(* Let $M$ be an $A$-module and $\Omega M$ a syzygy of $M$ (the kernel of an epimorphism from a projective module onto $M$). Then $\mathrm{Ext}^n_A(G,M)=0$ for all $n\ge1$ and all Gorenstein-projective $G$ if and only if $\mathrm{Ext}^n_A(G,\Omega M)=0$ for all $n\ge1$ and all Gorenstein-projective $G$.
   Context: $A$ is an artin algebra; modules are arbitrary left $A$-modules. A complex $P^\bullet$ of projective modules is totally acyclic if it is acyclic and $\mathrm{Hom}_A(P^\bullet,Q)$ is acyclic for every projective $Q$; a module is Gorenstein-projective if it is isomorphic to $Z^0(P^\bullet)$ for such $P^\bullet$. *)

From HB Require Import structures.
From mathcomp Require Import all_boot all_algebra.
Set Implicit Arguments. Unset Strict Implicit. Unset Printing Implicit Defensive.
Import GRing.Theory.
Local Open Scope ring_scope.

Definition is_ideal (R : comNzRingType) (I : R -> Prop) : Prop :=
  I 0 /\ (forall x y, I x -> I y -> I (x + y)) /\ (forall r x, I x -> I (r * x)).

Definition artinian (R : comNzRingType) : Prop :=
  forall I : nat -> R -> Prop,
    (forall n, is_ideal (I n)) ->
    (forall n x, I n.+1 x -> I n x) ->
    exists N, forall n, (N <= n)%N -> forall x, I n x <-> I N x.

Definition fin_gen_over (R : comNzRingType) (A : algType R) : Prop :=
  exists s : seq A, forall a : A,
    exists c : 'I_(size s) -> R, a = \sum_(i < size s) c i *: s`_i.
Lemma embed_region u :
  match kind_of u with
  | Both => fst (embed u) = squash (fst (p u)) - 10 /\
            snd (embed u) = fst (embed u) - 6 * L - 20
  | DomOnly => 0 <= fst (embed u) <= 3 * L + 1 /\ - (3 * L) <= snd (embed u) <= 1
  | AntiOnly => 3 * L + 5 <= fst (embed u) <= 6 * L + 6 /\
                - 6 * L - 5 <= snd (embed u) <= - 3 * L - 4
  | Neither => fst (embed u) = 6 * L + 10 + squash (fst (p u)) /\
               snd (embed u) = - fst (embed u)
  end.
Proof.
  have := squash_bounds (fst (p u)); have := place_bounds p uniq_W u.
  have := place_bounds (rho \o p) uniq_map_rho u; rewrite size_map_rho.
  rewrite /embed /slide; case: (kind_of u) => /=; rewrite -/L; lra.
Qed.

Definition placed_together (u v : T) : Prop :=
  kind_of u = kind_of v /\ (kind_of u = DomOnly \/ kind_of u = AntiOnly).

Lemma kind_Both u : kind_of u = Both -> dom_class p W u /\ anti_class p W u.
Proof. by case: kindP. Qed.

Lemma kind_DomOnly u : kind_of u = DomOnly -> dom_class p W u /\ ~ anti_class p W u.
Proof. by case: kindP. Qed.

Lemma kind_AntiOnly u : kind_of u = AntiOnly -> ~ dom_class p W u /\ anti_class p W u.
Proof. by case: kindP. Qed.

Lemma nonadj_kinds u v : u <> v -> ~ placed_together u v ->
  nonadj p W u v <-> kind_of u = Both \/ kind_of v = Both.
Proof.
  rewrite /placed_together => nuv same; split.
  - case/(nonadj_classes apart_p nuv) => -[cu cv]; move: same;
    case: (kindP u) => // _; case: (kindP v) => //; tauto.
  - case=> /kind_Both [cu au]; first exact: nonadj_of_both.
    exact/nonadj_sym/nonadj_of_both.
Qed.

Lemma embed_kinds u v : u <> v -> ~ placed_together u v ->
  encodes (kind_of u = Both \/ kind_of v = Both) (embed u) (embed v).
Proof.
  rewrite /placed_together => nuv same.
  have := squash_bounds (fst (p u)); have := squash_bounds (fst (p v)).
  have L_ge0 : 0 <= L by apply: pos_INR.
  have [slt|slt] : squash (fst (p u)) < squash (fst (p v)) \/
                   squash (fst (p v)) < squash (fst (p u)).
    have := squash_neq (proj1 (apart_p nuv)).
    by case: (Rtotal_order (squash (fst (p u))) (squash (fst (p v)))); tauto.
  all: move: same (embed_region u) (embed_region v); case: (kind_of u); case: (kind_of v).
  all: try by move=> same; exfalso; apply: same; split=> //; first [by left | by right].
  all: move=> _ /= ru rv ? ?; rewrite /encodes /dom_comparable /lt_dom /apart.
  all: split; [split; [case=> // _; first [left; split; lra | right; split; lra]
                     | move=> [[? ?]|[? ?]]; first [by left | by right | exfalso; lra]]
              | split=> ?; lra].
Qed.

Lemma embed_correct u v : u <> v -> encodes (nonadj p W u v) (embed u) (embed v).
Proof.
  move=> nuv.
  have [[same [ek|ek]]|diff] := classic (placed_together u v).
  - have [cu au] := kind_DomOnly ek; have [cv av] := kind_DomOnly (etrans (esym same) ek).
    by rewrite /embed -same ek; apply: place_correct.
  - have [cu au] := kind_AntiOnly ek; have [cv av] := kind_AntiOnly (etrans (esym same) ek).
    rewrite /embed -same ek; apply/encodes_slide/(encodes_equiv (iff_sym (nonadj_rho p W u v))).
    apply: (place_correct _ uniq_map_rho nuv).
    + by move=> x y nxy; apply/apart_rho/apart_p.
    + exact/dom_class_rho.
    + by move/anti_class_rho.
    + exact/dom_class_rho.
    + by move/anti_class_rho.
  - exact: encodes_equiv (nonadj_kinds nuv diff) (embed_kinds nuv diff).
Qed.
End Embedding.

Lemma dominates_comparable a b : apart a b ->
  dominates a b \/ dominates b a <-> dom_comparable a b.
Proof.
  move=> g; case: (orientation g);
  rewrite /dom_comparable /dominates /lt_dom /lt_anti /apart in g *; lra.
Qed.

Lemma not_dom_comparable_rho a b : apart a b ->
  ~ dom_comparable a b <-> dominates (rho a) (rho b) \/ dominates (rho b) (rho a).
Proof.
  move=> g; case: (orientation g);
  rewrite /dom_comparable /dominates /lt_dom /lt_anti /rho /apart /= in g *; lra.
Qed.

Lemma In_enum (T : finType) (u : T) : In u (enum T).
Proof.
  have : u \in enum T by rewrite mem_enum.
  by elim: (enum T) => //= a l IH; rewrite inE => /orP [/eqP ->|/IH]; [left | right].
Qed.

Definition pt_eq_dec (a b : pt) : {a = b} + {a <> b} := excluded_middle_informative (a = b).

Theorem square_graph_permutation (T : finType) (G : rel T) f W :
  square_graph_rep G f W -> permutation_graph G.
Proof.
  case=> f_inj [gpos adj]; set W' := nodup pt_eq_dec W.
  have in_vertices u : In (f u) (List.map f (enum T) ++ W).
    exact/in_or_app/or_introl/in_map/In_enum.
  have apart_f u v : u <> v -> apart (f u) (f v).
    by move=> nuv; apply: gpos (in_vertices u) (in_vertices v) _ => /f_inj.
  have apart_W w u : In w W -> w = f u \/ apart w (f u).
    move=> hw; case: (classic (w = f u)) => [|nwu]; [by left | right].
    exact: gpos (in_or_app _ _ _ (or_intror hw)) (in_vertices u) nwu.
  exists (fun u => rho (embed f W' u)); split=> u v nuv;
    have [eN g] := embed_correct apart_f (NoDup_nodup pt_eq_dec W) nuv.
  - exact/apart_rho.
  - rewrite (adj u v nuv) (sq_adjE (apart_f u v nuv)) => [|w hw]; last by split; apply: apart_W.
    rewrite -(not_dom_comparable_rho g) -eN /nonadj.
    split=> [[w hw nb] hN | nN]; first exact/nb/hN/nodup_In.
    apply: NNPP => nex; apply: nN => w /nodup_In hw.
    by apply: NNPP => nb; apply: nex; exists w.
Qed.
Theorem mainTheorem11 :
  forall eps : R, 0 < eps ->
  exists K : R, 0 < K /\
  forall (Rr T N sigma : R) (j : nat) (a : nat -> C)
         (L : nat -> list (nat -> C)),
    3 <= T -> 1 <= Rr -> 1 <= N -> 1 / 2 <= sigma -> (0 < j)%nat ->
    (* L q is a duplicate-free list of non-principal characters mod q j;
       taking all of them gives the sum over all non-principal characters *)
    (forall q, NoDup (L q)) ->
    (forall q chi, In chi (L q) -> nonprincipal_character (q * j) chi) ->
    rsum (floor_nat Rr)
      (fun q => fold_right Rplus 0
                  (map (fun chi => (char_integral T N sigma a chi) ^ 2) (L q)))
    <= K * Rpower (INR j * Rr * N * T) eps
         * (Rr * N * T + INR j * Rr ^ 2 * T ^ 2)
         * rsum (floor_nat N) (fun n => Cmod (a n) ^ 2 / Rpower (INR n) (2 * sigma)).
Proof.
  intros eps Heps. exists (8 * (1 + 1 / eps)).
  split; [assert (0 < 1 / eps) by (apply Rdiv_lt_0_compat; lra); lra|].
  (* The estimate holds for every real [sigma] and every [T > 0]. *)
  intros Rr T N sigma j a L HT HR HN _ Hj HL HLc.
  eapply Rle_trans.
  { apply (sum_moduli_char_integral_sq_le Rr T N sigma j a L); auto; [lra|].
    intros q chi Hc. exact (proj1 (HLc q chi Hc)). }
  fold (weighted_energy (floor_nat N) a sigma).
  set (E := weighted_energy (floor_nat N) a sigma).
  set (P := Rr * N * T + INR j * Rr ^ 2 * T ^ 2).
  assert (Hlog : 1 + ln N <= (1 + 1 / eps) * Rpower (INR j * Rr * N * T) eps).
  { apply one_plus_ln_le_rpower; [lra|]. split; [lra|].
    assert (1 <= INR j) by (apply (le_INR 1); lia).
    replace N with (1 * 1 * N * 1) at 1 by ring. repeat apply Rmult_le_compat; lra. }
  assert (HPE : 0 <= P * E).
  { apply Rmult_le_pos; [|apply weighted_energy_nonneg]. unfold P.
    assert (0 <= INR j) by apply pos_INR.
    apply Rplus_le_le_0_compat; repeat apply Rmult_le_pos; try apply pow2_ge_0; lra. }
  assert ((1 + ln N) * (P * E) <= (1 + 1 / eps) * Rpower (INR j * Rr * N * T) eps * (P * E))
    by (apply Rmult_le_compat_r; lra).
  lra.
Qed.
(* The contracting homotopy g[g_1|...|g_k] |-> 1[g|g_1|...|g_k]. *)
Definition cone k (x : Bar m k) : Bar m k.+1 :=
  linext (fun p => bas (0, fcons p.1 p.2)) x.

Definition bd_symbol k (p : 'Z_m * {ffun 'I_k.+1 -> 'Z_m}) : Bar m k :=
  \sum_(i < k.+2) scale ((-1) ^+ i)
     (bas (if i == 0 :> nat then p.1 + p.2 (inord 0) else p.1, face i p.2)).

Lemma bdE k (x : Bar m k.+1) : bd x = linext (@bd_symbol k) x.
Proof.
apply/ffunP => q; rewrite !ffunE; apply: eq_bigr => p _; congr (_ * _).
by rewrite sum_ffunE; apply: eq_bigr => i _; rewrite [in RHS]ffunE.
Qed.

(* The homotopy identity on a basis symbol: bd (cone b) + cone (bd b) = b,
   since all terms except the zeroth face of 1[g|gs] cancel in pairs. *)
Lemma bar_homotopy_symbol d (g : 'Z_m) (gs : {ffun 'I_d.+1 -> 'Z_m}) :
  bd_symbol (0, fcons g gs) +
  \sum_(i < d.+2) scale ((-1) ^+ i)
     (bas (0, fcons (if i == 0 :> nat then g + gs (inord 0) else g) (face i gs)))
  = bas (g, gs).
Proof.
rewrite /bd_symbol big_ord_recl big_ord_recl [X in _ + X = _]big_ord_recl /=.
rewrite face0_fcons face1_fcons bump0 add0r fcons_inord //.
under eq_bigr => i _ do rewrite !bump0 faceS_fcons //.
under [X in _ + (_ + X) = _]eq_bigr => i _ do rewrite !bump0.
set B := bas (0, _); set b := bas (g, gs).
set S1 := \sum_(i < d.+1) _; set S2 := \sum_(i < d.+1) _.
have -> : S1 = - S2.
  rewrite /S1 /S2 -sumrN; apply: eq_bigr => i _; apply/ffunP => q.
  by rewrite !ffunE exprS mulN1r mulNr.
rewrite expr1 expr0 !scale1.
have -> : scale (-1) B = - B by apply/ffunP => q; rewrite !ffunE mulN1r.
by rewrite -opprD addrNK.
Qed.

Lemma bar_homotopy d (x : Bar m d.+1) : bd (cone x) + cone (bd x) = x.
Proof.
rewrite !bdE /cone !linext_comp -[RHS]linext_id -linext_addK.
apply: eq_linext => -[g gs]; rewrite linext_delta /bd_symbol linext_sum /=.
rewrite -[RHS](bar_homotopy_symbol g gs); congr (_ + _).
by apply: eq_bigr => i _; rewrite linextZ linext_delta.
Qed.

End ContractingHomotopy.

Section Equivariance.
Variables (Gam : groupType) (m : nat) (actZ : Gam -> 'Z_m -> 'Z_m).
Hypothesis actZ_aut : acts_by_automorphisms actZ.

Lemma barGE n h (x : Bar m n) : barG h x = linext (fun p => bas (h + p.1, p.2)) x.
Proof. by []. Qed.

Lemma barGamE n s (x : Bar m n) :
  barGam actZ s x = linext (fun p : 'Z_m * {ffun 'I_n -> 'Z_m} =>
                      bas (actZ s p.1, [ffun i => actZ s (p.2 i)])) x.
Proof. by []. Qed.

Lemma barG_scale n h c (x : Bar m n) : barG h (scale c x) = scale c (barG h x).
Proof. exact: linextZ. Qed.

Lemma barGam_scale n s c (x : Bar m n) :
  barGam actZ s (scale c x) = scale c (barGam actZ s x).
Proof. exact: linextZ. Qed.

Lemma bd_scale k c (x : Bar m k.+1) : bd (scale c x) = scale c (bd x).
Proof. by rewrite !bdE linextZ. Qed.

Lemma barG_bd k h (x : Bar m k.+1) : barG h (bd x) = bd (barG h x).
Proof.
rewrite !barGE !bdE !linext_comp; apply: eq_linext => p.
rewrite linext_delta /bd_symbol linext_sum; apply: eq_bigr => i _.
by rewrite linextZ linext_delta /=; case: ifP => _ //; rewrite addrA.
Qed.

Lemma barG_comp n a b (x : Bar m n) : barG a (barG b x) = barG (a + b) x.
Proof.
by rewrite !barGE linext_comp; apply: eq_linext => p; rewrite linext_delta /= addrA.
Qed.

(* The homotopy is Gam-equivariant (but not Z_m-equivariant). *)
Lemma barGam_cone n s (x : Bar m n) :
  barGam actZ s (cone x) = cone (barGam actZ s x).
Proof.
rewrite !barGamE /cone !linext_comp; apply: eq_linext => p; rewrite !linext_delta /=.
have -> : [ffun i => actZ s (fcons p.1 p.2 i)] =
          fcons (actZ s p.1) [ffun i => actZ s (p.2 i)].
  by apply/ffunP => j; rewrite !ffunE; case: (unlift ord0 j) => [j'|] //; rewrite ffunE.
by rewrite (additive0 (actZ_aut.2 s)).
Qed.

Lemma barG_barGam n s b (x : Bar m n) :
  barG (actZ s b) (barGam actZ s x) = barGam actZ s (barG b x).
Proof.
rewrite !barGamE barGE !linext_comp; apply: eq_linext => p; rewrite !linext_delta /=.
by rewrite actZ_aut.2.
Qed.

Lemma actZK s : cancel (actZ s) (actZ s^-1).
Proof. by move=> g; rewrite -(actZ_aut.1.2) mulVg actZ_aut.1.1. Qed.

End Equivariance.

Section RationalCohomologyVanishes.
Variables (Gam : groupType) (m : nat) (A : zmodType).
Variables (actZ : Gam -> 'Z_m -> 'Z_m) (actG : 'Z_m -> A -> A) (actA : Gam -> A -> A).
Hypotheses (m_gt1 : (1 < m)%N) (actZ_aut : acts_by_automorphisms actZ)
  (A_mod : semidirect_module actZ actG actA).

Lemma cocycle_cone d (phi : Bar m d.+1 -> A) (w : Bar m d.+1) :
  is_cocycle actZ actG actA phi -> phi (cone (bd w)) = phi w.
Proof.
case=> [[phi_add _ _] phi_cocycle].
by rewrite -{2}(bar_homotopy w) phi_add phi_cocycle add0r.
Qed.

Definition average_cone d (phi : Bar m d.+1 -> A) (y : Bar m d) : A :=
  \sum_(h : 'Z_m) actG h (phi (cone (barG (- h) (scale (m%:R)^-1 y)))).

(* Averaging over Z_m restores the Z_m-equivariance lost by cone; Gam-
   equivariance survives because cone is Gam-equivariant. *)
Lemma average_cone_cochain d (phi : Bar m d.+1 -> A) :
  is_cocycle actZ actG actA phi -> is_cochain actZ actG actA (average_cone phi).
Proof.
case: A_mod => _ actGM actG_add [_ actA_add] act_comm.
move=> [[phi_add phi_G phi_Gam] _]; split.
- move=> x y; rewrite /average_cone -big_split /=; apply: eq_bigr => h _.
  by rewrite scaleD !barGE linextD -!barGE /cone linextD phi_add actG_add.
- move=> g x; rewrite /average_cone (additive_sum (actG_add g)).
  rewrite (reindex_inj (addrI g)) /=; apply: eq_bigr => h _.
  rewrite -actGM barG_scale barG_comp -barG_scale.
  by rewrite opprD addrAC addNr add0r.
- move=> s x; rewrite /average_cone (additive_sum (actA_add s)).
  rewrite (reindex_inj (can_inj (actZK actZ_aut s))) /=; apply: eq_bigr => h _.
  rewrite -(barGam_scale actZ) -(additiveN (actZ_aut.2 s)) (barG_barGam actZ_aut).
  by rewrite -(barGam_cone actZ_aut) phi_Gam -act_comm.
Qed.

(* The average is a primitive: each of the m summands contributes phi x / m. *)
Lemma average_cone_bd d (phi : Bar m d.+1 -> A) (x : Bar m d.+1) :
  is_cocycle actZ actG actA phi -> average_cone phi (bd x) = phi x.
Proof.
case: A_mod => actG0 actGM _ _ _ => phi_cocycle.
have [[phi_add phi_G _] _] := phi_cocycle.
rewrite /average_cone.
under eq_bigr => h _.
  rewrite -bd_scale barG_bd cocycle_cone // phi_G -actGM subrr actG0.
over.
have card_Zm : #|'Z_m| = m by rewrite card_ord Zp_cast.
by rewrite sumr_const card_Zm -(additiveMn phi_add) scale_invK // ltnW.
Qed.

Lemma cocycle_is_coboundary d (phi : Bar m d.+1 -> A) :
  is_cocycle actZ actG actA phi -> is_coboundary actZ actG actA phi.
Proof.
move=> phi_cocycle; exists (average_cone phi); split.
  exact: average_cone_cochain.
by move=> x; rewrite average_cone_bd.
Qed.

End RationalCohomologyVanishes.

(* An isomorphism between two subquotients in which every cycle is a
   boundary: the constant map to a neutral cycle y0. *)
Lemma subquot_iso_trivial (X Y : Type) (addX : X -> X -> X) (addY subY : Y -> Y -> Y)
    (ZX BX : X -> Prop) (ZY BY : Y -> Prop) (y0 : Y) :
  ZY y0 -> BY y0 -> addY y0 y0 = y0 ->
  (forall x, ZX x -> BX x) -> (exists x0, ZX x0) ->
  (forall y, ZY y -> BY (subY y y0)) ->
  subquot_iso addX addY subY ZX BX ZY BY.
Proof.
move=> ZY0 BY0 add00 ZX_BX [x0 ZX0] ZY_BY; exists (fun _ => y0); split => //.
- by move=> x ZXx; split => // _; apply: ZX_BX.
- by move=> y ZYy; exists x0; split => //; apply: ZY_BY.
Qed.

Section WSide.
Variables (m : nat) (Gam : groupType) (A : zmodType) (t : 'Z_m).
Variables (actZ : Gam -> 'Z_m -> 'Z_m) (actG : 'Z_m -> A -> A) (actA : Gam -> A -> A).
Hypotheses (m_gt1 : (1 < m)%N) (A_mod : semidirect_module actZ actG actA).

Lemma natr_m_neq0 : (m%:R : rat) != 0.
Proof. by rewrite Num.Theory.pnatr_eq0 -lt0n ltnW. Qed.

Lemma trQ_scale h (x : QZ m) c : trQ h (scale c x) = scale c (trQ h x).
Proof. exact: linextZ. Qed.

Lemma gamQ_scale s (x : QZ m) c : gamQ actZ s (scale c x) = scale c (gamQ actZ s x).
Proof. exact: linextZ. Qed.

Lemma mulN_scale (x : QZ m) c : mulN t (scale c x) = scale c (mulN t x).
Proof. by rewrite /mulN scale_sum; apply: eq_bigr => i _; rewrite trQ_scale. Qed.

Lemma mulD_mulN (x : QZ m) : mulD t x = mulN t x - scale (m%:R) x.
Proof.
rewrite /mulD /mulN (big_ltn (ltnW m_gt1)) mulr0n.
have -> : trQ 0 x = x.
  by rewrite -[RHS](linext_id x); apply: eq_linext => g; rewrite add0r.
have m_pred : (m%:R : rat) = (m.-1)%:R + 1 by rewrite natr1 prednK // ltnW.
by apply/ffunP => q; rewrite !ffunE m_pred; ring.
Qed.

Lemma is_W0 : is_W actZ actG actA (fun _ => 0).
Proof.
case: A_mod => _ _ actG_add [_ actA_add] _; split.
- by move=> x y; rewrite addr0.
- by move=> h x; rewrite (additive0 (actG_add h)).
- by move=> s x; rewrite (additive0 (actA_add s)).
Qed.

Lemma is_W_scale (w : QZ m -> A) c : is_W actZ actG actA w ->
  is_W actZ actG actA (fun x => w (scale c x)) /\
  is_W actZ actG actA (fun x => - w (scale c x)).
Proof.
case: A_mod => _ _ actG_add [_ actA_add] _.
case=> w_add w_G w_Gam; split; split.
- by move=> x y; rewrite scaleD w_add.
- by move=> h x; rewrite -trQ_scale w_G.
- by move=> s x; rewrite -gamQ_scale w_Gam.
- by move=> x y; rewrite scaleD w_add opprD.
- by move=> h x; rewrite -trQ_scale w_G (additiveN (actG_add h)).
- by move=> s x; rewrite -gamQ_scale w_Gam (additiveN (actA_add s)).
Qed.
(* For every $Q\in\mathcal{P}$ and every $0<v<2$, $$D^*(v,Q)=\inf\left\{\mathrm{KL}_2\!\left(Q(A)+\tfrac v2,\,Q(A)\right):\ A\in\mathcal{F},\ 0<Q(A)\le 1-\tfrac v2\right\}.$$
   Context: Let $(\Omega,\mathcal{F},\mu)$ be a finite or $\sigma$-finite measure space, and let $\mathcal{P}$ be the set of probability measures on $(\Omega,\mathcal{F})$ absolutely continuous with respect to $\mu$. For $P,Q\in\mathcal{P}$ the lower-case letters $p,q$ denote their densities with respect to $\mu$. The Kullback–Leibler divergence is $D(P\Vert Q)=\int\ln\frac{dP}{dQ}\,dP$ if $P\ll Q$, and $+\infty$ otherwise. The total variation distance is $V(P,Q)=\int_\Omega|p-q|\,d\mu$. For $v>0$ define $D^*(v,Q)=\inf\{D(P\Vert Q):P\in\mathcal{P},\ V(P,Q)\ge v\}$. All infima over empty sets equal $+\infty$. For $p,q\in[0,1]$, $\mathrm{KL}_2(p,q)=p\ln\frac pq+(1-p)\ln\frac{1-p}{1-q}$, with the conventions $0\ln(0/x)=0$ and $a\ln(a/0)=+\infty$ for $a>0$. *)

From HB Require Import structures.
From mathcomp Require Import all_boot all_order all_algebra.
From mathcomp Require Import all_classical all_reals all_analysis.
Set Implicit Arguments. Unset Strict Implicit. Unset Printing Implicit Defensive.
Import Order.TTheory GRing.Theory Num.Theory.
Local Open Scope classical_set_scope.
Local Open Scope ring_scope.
++++++++
▶ [PROBLEM REQUIREMENTS]: Number of lines above containing the word "Gorenstein": state it and add nothing else.

▶ [FINAL ANSWER]: 2